Copy out each line of the data that holds the word "modules".

[Dataset entries]
☆ ☆ ☆ ☆ ☆
Lemma chain_pdist_le M r x y n : (forall p, K0 p -> pnorm p <= r) ->
  chain L N nu K0 M x y n -> pdist x y <= INR n * (2 * r * powerRZ L M).
Proof.
  intros hr [hn [D [hD [hx [hy hlink]]]]].
  assert (hreach : forall i, (i < n)%nat -> forall w, D i w ->
            pdist x w <= INR (S i) * (2 * r * powerRZ L M)).
  { induction i as [|i IH]; intros hi w hw.
    - rewrite Rmult_1_l. apply (complex_diam M (D 0%nat) r hr); [apply hD; lia|assumption..].
    - destruct (hlink i ltac:(lia)) as [z [hz1 hz2]]. replace (i + 1)%nat with (S i) in hz2 by lia.
      pose proof (IH ltac:(lia) z hz1).
      assert (pdist z w <= 2 * r * powerRZ L M)
        by (apply (complex_diam M (D (S i)) r hr); [apply hD; lia|assumption..]).
      pose proof (pdist_triangle x z w). rewrite S_INR. lra. }
  replace n with (S (n - 1)) by lia. apply hreach; [lia|assumption].
Qed.

Lemma chain_length_bound : exists rho, 0 < rho /\ forall M (k : nat) x y,
  Kinf L K0 x -> Kinf L K0 y -> pdist x y < rho * powerRZ L (M + Z.of_nat k) ->
  exists n, chain L N nu K0 M x y n /\ (n <= 2 * N ^ k)%nat.
Proof.
  destruct cell_separation as [rho [hrho hsep]]. exists rho. split; [assumption|].
  intros M k x y hx hy hd. set (m := (M + Z.of_nat k)%Z).
  destruct (Kinf_in_cell x m hx) as [wx [hwx hxw]].
  destruct (Kinf_in_cell y m hy) as [wy [hwy hyw]].
  set (wx' := wx ++ repeat 1%nat (length wy)). set (wy' := wy ++ repeat 1%nat (length wx)).
  assert (hxw' : cell m wx' x) by (apply cell_pad; assumption).
  assert (hyw' : cell m wy' y) by (apply cell_pad; assumption).
  assert (hlen : length wx' = length wy')
    by (unfold wx', wy'; rewrite !length_app, !repeat_length; lia).
  assert (hwx' : word_ok N wx') by (apply word_ok_pad; assumption).
  assert (hwy' : word_ok N wy') by (apply word_ok_pad; assumption).
  destruct (classic (exists p, cell m wx' p /\ cell m wy' p)) as [[p [hp1 hp2]]|hapart].
  2: { pose proof (hsep wx' wy' m x y hlen hwx' hwy' hapart hxw' hyw'). unfold m in *. lra. }
  destruct (short_subcell_chain M k wx' x p hwx' hxw' hp1) as [ws1 [hc1 [hok1 hl1]]].
  destruct (short_subcell_chain M k wy' p y hwy' hp2 hyw') as [ws2 [hc2 [hok2 hl2]]].
  exists (length (ws1 ++ ws2)). split.
  - apply chain_of_cell_chain; [eapply cell_chain_app; eauto|].
    intros v hv. apply in_app_or in hv as [hv|hv]; auto.
  - rewrite length_app. lia.
Qed.

Lemma dM_of_chain M x y n : x <> y -> chain L N nu K0 M x y n ->
  exists n', dM_is L N nu K0 M x y n' /\ (n' <= n)%nat.
Proof.
  intros hxy hn. destruct (least_nat (chain L N nu K0 M x y) n hn) as [n' [hn' hmin]].
  exists n'. split; [right; auto|apply hmin, hn].
Qed.

Lemma dM_lower_bound M r x y n : 0 < r -> (forall p, K0 p -> pnorm p <= r) ->
  dM_is L N nu K0 M x y n -> / (2 * r * powerRZ L M) * pdist x y <= INR n.
Proof.
  intros hr0 hr hn. pose proof (powerRZ_L_pos M) as hP.
  assert (hd : pdist x y <= INR n * (2 * r * powerRZ L M)).
  { destruct hn as [[-> ->]|[_ [hch _]]]; [rewrite pdist_xx; simpl; lra|].
    apply (chain_pdist_le M r); assumption. }
  apply (Rmult_le_reg_r (2 * r * powerRZ L M)); [nra|].
  rewrite Rmult_assoc, (Rmult_comm (pdist x y)), <- Rmult_assoc, Rinv_l by nra. lra.
Qed.

(* The constant is chosen so that 2 N^(k+1) <= C7 d^(d_f) whenever d >= rho L^(M+k). *)
Lemma dM_upper_bound M : exists C7, 0 < C7 /\ forall x y, Kinf L K0 x -> Kinf L K0 y ->
  exists n, dM_is L N nu K0 M x y n /\
    INR n <= Rmax 2 (C7 * rpow (pdist x y) (ln (INR N) / ln L)).
Proof.
  destruct chain_length_bound as [rho [hrho hchain]].
  assert (hN : 1 <= INR N) by (replace 1 with (INR 1) by reflexivity; apply le_INR; lia).
  set (c0 := Rpower rho (ln (INR N) / ln L) * Rpower (INR N) (IZR M - 1)).
  assert (hc0 : 0 < c0) by (apply Rmult_lt_0_compat; apply exp_pos).
  exists (2 / c0). split; [apply Rdiv_lt_0_compat; lra|].
  intros x y hx hy. destruct (classic (x = y)) as [<-|hxy].
  { exists 0%nat. split; [left; auto|]. pose proof (Rmax_l 2 (2 / c0 * rpow (pdist x x) (ln (INR N) / ln L))). simpl; lra. }
  destruct (powerRZ_unbounded L rho (pdist x y) M HL hrho) as [k0 hk0].
  destruct (least_nat (fun k => pdist x y < rho * powerRZ L (M + Z.of_nat k)) k0 hk0)
    as [k [hk hkmin]].
  destruct (hchain M k x y hx hy hk) as [n [hn hnk]].
  destruct (dM_of_chain M x y n hxy hn) as [n' [hn' hn'n]].
  exists n'. split; [assumption|].
  assert (hle : INR n' <= 2 * INR N ^ k).
  { rewrite <- pow_INR. replace 2 with (INR 2) by reflexivity. rewrite <- mult_INR. apply le_INR. lia. }
  destruct k as [|k]; [simpl in hle; pose proof (Rmax_l 2 (2 / c0 * rpow (pdist x y) (ln (INR N) / ln L))); lra|].
  eapply Rle_trans; [exact hle|]. eapply Rle_trans; [|apply Rmax_r].
  assert (hfar : rho * powerRZ L (M + Z.of_nat k) <= pdist x y).
  { apply Rnot_lt_le. intros hlt. specialize (hkmin k hlt). lia. }
  pose proof (rpow_scale_lower L (INR N) rho (pdist x y) (M + Z.of_nat k) HL hN hrho hfar) as hpow.
  rewrite plus_IZR, <- INR_IZR_INZ in hpow.
  replace (IZR M + INR k) with ((IZR M - 1) + INR (S k)) in hpow by (rewrite S_INR; ring).
  rewrite Rpower_plus, Rpower_pow, <- Rmult_assoc in hpow by lra. fold c0 in hpow.
  apply (Rmult_le_compat_l (2 / c0)) in hpow; [|left; apply Rdiv_lt_0_compat; lra].
  replace (2 / c0 * (c0 * INR N ^ S k)) with (2 * INR N ^ S k) in hpow by (field; lra).
  exact hpow.
Qed.

End NestedFractal.

Theorem lemmaA3 (L : R) (N : nat) (nu : nat -> pt) (K0 : pt -> Prop) :
  1 < L -> (2 <= N)%nat -> nu 1%nat = pzero ->
  simple_nested_fractal L N nu K0 ->
  (exists a b c, a <> b /\ a <> c /\ b <> c /\ essential_fixed L N nu a /\
     essential_fixed L N nu b /\ essential_fixed L N nu c) ->
  forall M : Z, exists C6 C7 : R, 0 < C6 /\ 0 < C7 /\
    forall x y, Kinf L K0 x -> Kinf L K0 y ->
      exists n : nat, dM_is L N nu K0 M x y n /\
        C6 * pdist x y <= INR n /\
        INR n <= Rmax 2 (C7 * rpow (pdist x y) (ln (INR N) / ln L)).
Proof.
  intros HL HN Hnu1 Hsnf _ M.
  destruct (K0_norm_bound L N nu K0 Hsnf) as [r [hr0 hr]].
  destruct (dM_upper_bound L N nu K0 HL HN Hnu1 Hsnf M) as [C7 [hC7 hupper]].
  exists (/ (2 * r * powerRZ L M)), C7. split; [|split; [assumption|]].
  - pose proof (powerRZ_lt L M ltac:(lra)). apply Rinv_0_lt_compat. nra.
  - intros x y hx hy. destruct (hupper x y hx hy) as [n [hn hle]].
    exists n. split; [assumption|split; [|assumption]].
    exact (dM_lower_bound L N nu K0 HL HN M r x y n hr0 hr hn).
Qed.
(* Assume that $N$ is a semi-free DG $B$-module. Let $N'$ be a second semi-free DG $B$-module built in the same way from modules $M_i'$ and maps $\xi_i'$, $\tau_i'$, $\delta_i'$, and $\alpha_i'$. Fix an integer $p$. A sequence of $R$-module homomorphisms $\{S_i\colon N_i\to N'_{i+p}\}$ is a DG $B$-module homomorphism $N\to N'$ of degree $p$ if and only if it is a degree-$p$ homomorphism $N\to N'$ of the underlying $R$-complexes such that for all integers $i$ we have $S_i=\begin{bmatrix}(-1)^pz_{i-1} & v_i \\ 0 & z_i\end{bmatrix}$ for some $z_i\colon M_i\to M'_{i+p}$ and $v_i\colon M_i\to M'_{i+p-1}$ and $v_{i+j}(\gamma_{i,s}m_j)=(-1)^{i(p+1)}\gamma_{i,s}v_j(m_j)$ and $z_{i+j}(\gamma_{i,s}m_j)=(-1)^{ip}\gamma_{i,s}z_j(m_j)$ for $s=1,\ldots,r_i$ and for all $m_j\in M_j$ for each integer $j$.
   Context: Let $R$ be a commutative noetherian ring. Let $A$ be a (commutative, positively graded) DG $R$-algebra such that each $A_i$ is free over $R$ of finite rank, with fixed basis $\{\gamma_{i,1},\ldots,\gamma_{i,r_i}\}$ of $A_i$. Let $t\in R$ and $B=K^R(t)\otimes_R A$, where $K^R(t)$ is the Koszul complex on $t$; identify $B_i$ with $A_{i-1}\oplus A_i$ (column vectors). For cardinals $\beta_i$ ($\beta_i=0$ for $i\ll0$) set $M_i=\bigoplus_{j\ge0}A_j^{(\beta_{i-j})}$. Given $R$-linear maps $\xi_i\colon M_i\to M_{i-1}$, $\tau_i\colon M_i\to M_i$, $\delta_i\colon M_i\to M_{i-2}$, $\alpha_i\colon M_i\to M_{i-1}$, $N$ is the sequence with $N_i=M_{i-1}\oplus M_i$ and $\partial^N_i=\left[\begin{smallmatrix}\xi_{i-1}&\delta_i\\ \tau_{i-1}&\alpha_i\end{smallmatrix}\right]$, with $B$ acting by $\left[\begin{smallmatrix}a_{i-1}\\ a_i\end{smallmatrix}\right]\left[\begin{smallmatrix}m_{j-1}\\ m_j\end{smallmatrix}\right]=\left[\begin{smallmatrix}a_{i-1}m_j+(-1)^ia_im_{j-1}\\ a_im_j\end{smallmatrix}\right]$. A DG $B$-module homomorphism of degree $p$ is an $R$-complex homomorphism $f$ of degree $p$ with $f(bn)=(-1)^{p|b|}bf(n)$. *)

From HB Require Import structures.
From mathcomp Require Import all_boot all_order all_algebra.
From Stdlib Require List.
Unset Strict Implicit. Unset Printing Implicit Defensive.
Import Order.TTheory GRing.Theory Num.Theory.
Local Open Scope ring_scope.

Definition sgn {R : pzRingType} (z : int) : R := (-1) ^+ (absz z).

Definition is_ideal {R : comPzRingType} (I : R -> Prop) : Prop :=
  I 0 /\ (forall x y, I x -> I y -> I (x + y)) /\ (forall c x, I x -> I (c * x)).

Definition noetherian (R : comPzRingType) : Prop :=
  forall I : R -> Prop, is_ideal I ->
    exists s : seq R, forall x, I x <->
      exists c : 'I_(size s) -> R, x = \sum_(k < size s) c k * s`_k.

(* The DG R-algebra A, given as the total algebra (direct sum of its  *)
(* homogeneous components A_i = [pred a | Ah i a]) with differential *)
(* dA.                                                                 *)
Section DGAlg.
Context {R : comPzRingType} {A : algType R}.
Variables (Ah : int -> A -> Prop) (dA : A -> A).

Definition DG_comm_alg : Prop :=
  (forall i, Ah i 0) /\
  (forall i a b, Ah i a -> Ah i b -> Ah i (a + b)) /\
  (forall i c a, Ah i a -> Ah i (c *: a)) /\
  (forall a, exists (s : seq int) (f : int -> A),
      (forall i, Ah i (f i)) /\ a = \sum_(i <- s) f i) /\
  (forall (s : seq int) (f : int -> A), uniq s -> (forall i, Ah i (f i)) ->
      \sum_(i <- s) f i = 0 -> forall i, i \in s -> f i = 0) /\
  (forall i a, i < 0 -> Ah i a -> a = 0) /\
  Ah 0 1 /\
  (forall i j a b, Ah i a -> Ah j b -> Ah (i + j) (a * b)) /\
  (forall i j a b, Ah i a -> Ah j b -> a * b = sgn (i * j) *: (b * a)) /\
  (forall i a, odd (absz i) -> Ah i a -> a * a = 0) /\
  (forall a b, dA (a + b) = dA a + dA b) /\
  (forall c a, dA (c *: a) = c *: dA a) /\
  (forall i a, Ah i a -> Ah (i - 1) (dA a)) /\
  (forall a, dA (dA a) = 0) /\
  (forall i a b, Ah i a -> dA (a * b) = dA a * b + sgn i *: (a * dA b)).

Definition fixed_basis (r : nat -> nat) (gamma : forall i : nat, 'I_(r i) -> A) : Prop :=
  forall i : nat,
    (forall s, Ah i (gamma i s)) /\
    (forall a, Ah i a -> exists c : 'I_(r i) -> R, a = \sum_s c s *: gamma i s) /\
    (forall c : 'I_(r i) -> R, \sum_s c s *: gamma i s = 0 -> forall s, c s = 0).

End DGAlg.

(* The graded A-modules M_i = \bigoplus_{j>=0} A_j^{(beta_{i-j})}.    *)
(* An element of the direct sum over all i is a family m k b in A     *)
(* indexed by k : int and b : beta k (the b-th copy of A in the        *)
(* summands A_{i-k}^{(beta_k)}); it lies in M_i iff each m k b lies in *)
(* A_{i-k} and the family has finite support.                          *)
Definition Mt (A : Type) (beta : int -> Type) : Type := forall k : int, beta k -> A.
Definition Nt (A : Type) (beta : int -> Type) : Type := (Mt A beta * Mt A beta)%type.

Definition bounded_below (beta : int -> Type) : Prop :=
  exists k0 : int, forall k, k < k0 -> beta k -> False.

Section Mod.
Context {R : comPzRingType} {A : algType R}.


Context {beta : int -> Type}.

Definition zeroM : Mt A beta := fun k b => 0.
Definition addM (m1 m2 : Mt A beta) : Mt A beta := fun k b => m1 k b + m2 k b.
Definition scaleM (c : R) (m : Mt A beta) : Mt A beta := fun k b => c *: m k b.
Definition actM (a : A) (m : Mt A beta) : Mt A beta := fun k b => a * m k b.

Definition finsupp (m : Mt A beta) : Prop :=
  (exists s : seq int, forall k, k \notin s -> forall b, m k b = 0) /\
  (forall k, exists l : list (beta k), forall b, m k b <> 0 -> List.In b l).

Definition Mdeg (Ah : int -> A -> Prop) (i : int) (m : Mt A beta) : Prop :=
  (forall k b, Ah (i - k) (m k b)) /\ finsupp m.

(* The graded module N: N_i = M_{i-1} (+) M_i, column vectors (x, y). *)
Definition zeroN : Nt A beta := (zeroM, zeroM).
Definition addN (n1 n2 : Nt A beta) : Nt A beta := (addM n1.1 n2.1, addM n1.2 n2.2).
Definition scaleN (c : R) (n : Nt A beta) : Nt A beta := (scaleM c n.1, scaleM c n.2).
Definition Ndeg (Ah : int -> A -> Prop) (i : int) (n : Nt A beta) : Prop :=
  Mdeg Ah (i - 1) n.1 /\ Mdeg Ah i n.2.

(* Action of b = [a'; a] \in B_i = A_{i-1} (+) A_i on n = [x; y]:
   b n = [a' y + (-1)^i a x ; a y]. *)
Definition actB (i : int) (a' a : A) (n : Nt A beta) : Nt A beta :=
  (addM (actM a' n.2) (scaleM (sgn i) (actM a n.1)), actM a n.2).

Definition dN (xi tau delta alpha : int -> Mt A beta -> Mt A beta) (i : int) (n : Nt A beta) : Nt A beta :=
  (addM (xi (i - 1) n.1) (delta i n.2), addM (tau (i - 1) n.1) (alpha i n.2)).

End Mod.

(* R-linear maps M_i -> M'_j (given as functions on the total carriers) *)
Definition Mhom {R : comPzRingType} {A : algType R} (Ah : int -> A -> Prop)
  {beta beta' : int -> Type} (i j : int) (f : Mt A beta -> Mt A beta') : Prop :=
  (forall m, Mdeg Ah i m -> Mdeg Ah j (f m)) /\
  (forall m1 m2, Mdeg Ah i m1 -> Mdeg Ah i m2 -> f (addM m1 m2) = addM (f m1) (f m2)) /\
  (forall c m, Mdeg Ah i m -> f (scaleM c m) = scaleM c (f m)).

Definition Nhom {R : comPzRingType} {A : algType R} (Ah : int -> A -> Prop)
  {beta beta' : int -> Type} (i j : int) (f : Nt A beta -> Nt A beta') : Prop :=
  (forall n, Ndeg Ah i n -> Ndeg Ah j (f n)) /\
  (forall n1 n2, Ndeg Ah i n1 -> Ndeg Ah i n2 -> f (addN n1 n2) = addN (f n1) (f n2)) /\
  (forall c n, Ndeg Ah i n -> f (scaleN c n) = scaleN c (f n)).

Section DGB.
Context {R : comPzRingType} {A : algType R}.
Variables (Ah : int -> A -> Prop) (dA : A -> A) (t : R).

Definition structure_maps {beta : int -> Type} (xi tau delta alpha : int -> Mt A beta -> Mt A beta) :=
  forall i, Mhom Ah i (i - 1) (xi i) /\ Mhom Ah i i (tau i) /\
            Mhom Ah i (i - 2) (delta i) /\ Mhom Ah i (i - 1) (alpha i).

(* B = K^R(t) (x) A, B_i = A_{i-1} (+) A_i; its differential is
   d[a'; a] = [- dA a'; t a' + dA a]. *)
Definition DGBmodule {beta : int -> Type} (xi tau delta alpha : int -> Mt A beta -> Mt A beta) :=
  (forall i n, Ndeg Ah i n -> dN xi tau delta alpha (i - 1) (dN xi tau delta alpha i n) = zeroN) /\
  (forall i j a' a n, Ah (i - 1) a' -> Ah i a -> Ndeg Ah j n ->
     dN xi tau delta alpha (i + j) (actB i a' a n) =
     addN (actB (i - 1) (- dA a') (t *: a' + dA a) n)
          (scaleN (sgn i) (actB i a' a (dN xi tau delta alpha j n)))).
☆ ☆ ☆ ☆ ☆
EXPECTED ANSWER ->
(* Assume that $N$ is a semi-free DG $B$-module. Let $N'$ be a second semi-free DG $B$-module built in the same way from modules $M_i'$ and maps $\xi_i'$, $\tau_i'$, $\delta_i'$, and $\alpha_i'$. Fix an integer $p$. A sequence of $R$-module homomorphisms $\{S_i\colon N_i\to N'_{i+p}\}$ is a DG $B$-module homomorphism $N\to N'$ of degree $p$ if and only if it is a degree-$p$ homomorphism $N\to N'$ of the underlying $R$-complexes such that for all integers $i$ we have $S_i=\begin{bmatrix}(-1)^pz_{i-1} & v_i \\ 0 & z_i\end{bmatrix}$ for some $z_i\colon M_i\to M'_{i+p}$ and $v_i\colon M_i\to M'_{i+p-1}$ and $v_{i+j}(\gamma_{i,s}m_j)=(-1)^{i(p+1)}\gamma_{i,s}v_j(m_j)$ and $z_{i+j}(\gamma_{i,s}m_j)=(-1)^{ip}\gamma_{i,s}z_j(m_j)$ for $s=1,\ldots,r_i$ and for all $m_j\in M_j$ for each integer $j$.
(* The graded A-modules M_i = \bigoplus_{j>=0} A_j^{(beta_{i-j})}.    *)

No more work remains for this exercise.